Graph Algorithms
22 graph opcodes covering traversal, shortest paths, centrality, community detection, similarity search, optimal joins, and spanning trees — all integrated into the DAG pipeline.
ray_rel_t relationships built from CSR storage. See Graph Storage for how to build and persist relationships.
Traversal
OP_EXPAND — 1-Hop Neighbor Expansion
Expands each input node to its direct neighbors in the CSR. The fundamental building block for all graph queries.
| Property | Value |
|---|---|
| Opcode | OP_EXPAND (80) |
| Complexity | O(d) per node, where d = average degree |
| Use case | Neighbor lookup, 1-hop reachability, join-like expansions |
/* C API */
ray_op_t* nbrs = ray_expand(g, src_nodes, rel, 0); /* direction: 0=fwd */
OP_VAR_EXPAND — Variable-Length BFS/DFS
Expands nodes through multiple hops with configurable minimum and maximum depth. Uses BFS by default. Optionally tracks the full path for each discovered node.
| Property | Value |
|---|---|
| Opcode | OP_VAR_EXPAND (81) |
| Complexity | O(V + E) within the explored subgraph |
| Use case | Multi-hop reachability, friends-of-friends, transitive closure |
/* BFS from start_nodes, depth 1..3, tracking paths */
ray_op_t* reachable = ray_var_expand(g, start_nodes, rel,
0, /* direction: forward */
1, /* min_depth */
3, /* max_depth */
true /* track_path */
);
OP_DFS — Depth-First Search
Explicit depth-first traversal from a source node, returning nodes in DFS visit order.
| Property | Value |
|---|---|
| Opcode | OP_DFS (94) |
| Complexity | O(V + E) within explored subgraph |
| Use case | Topological processing, cycle detection, graph exploration |
ray_op_t* dfs_order = ray_dfs(g, src_node, rel, 10); /* max depth 10 */
OP_RANDOM_WALK — Random Walk
Performs random walks from source nodes, selecting a uniformly random neighbor at each step. Used for node2vec-style embeddings and sampling.
| Property | Value |
|---|---|
| Opcode | OP_RANDOM_WALK (98) |
| Complexity | O(L) per walk, where L = walk_length |
| Use case | Graph sampling, node2vec, DeepWalk embeddings |
ray_op_t* walk = ray_random_walk(g, src_node, rel, 80); /* 80-step walk */
Shortest Path
OP_SHORTEST_PATH — BFS Shortest Path
Finds the shortest unweighted path between two nodes using bidirectional BFS.
| Property | Value |
|---|---|
| Opcode | OP_SHORTEST_PATH (82) |
| Complexity | O(V + E) |
| Use case | Hop distance, unweighted routing, social distance |
ray_op_t* path = ray_shortest_path(g, src, dst, rel, 20); /* max depth 20 */
OP_DIJKSTRA — Weighted Shortest Path
Dijkstra's algorithm for weighted shortest paths.
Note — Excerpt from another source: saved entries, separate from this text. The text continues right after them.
Lemma Cyclotomic_prime l : prime l -> Cyclotomic l = (\sum_(i < l) 'X^i)%R.
Proof.
move=> l_pr; have l_gt0 := prime_gt0 l_pr.
have divisors_l : divisors l = [:: 1; l].
  apply: (sorted_eq leq_trans anti_leq (sorted_divisors l)).
    by rewrite /= andbT ltnW ?prime_gt1.
  apply: uniq_perm; rewrite ?divisors_uniq //= ?inE ?andbT ?neq_ltn ?prime_gt1 //.
  move=> d; rewrite -dvdn_divisors // !inE.
  by apply/idP/orP => [/(primeP l_pr).2/orP | [] /eqP ->].
have := prod_Cyclotomic l_gt0; rewrite divisors_l big_cons big_seq1.
have -> : Cyclotomic 1 = ('X - 1)%R.
  by have := prod_Cyclotomic (ltn0Sn 0); rewrite big_seq1 expr1.
by rewrite subrX1 => /mulfI; apply; rewrite -polyC1 polyXsubC_eq0.
Qed.

Lemma PhiZ_repunit l (n : nat) : prime l -> PhiZ l n = repunit l n.
Proof.
move=> l_pr; rewrite /PhiZ Cyclotomic_prime // horner_sum /repunit -[in RHS]natz natr_sum.
by apply: eq_bigr => i _; rewrite hornerXn natrX natz.
Qed.

Lemma repunit_gt0 l n : 0 < l -> 0 < repunit l n.
Proof. by case: l => // l _; rewrite /repunit big_ord_recl expn0 addnC addn1. Qed.

Lemma repunit0 l : 0 < l -> repunit l 0 = 1.
Proof.
case: l => // l _; rewrite /repunit big_ord_recl big1 // => i _.
by rewrite exp0n.
Qed.

Lemma repunitS l n : repunit l.+1 n = repunit l n + n ^ l.
Proof. by rewrite /repunit big_ord_recr. Qed.

Lemma expn_repunit l n : 0 < n -> n ^ l = (n - 1) * repunit l n + 1.
Proof.
case: n => // n _; elim: l => [|l IHl]; first by rewrite /repunit big_ord0 muln0.
by rewrite repunitS expnS IHl; nia.
Qed.

Lemma repunit_mod l n m : repunit l n = repunit l (n %% m) %[mod m].
Proof.
elim: l => [|l IHl]; first by rewrite /repunit !big_ord0.
by rewrite !repunitS -modnDm IHl modnDm -[in RHS]modnDmr modnXm modnDmr.
Qed.

Lemma dvdn_repunit_mod l n m d : d %| m -> (d %| repunit l n) = (d %| repunit l (n %% m)).
Proof.
by move=> d_dvd_m; rewrite /dvdn (repunit_mod l n) (repunit_mod l (n %% m)) modn_dvdm.
Qed.

Definition sqfree_below (x m : nat) : bool :=
  all (fun p => ~~ (prime p && (p ^ 2 %| m))) (iota 0 x).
Reads edge weights from a property column on the relationship.
| Property | Value |
|---|---|
| Opcode | OP_DIJKSTRA (86) |
| Complexity | O((V + E) log V) with binary heap |
| Use case | Weighted routing, cost-optimal paths, network flow |
ray_op_t* path = ray_dijkstra(g, src, dst, rel,
"weight", /* edge weight column name */
255 /* max depth */
);
OP_ASTAR — A* Shortest Path
A* search with a coordinate-based heuristic (Haversine distance). Requires node property columns for latitude and longitude.
| Property | Value |
|---|---|
| Opcode | OP_ASTAR (95) |
| Complexity | O((V + E) log V), typically faster than Dijkstra with a good heuristic |
| Use case | Geospatial routing, map navigation, spatial networks |
ray_op_t* path = ray_astar(g, src, dst, rel,
"distance", /* weight column */
"lat", /* latitude column */
"lon", /* longitude column */
node_props, /* node property table with lat/lon */
255 /* max depth */
);
OP_K_SHORTEST — Yen's k-Shortest Paths
Finds the k shortest paths between two nodes using Yen's algorithm. Each successive path is the shortest path that differs from all previously found paths.
| Property | Value |
|---|---|
| Opcode | OP_K_SHORTEST (96) |
| Complexity | O(kV(V + E) log V) |
| Use case | Route alternatives, network resilience, diverse path discovery |
ray_op_t* paths = ray_k_shortest(g, src, dst, rel,
"weight", /* edge weight column */
5 /* k = 5 shortest paths */
);
Centrality
OP_PAGERANK — PageRank
Iterative PageRank computation. Converges after max_iter iterations or when residuals fall below an internal threshold.
| Property | Value |
|---|---|
| Opcode | OP_PAGERANK (84) |
| Complexity | O(I * (V + E)), where I = iterations |
| Use case | Node importance ranking, influence analysis, link analysis |
ray_op_t* pr = ray_pagerank(g, rel,
100, /* max iterations */
0.85 /* damping factor */
);
OP_DEGREE_CENT — Degree Centrality
Computes degree centrality for all nodes (normalized degree count).
| Property | Value |
|---|---|
| Opcode | OP_DEGREE_CENT (92) |
| Complexity | O(V) |
| Use case | Hub identification, connectivity analysis |
ray_op_t* dc = ray_degree_cent(g, rel);
OP_BETWEENNESS — Betweenness Centrality (Brandes)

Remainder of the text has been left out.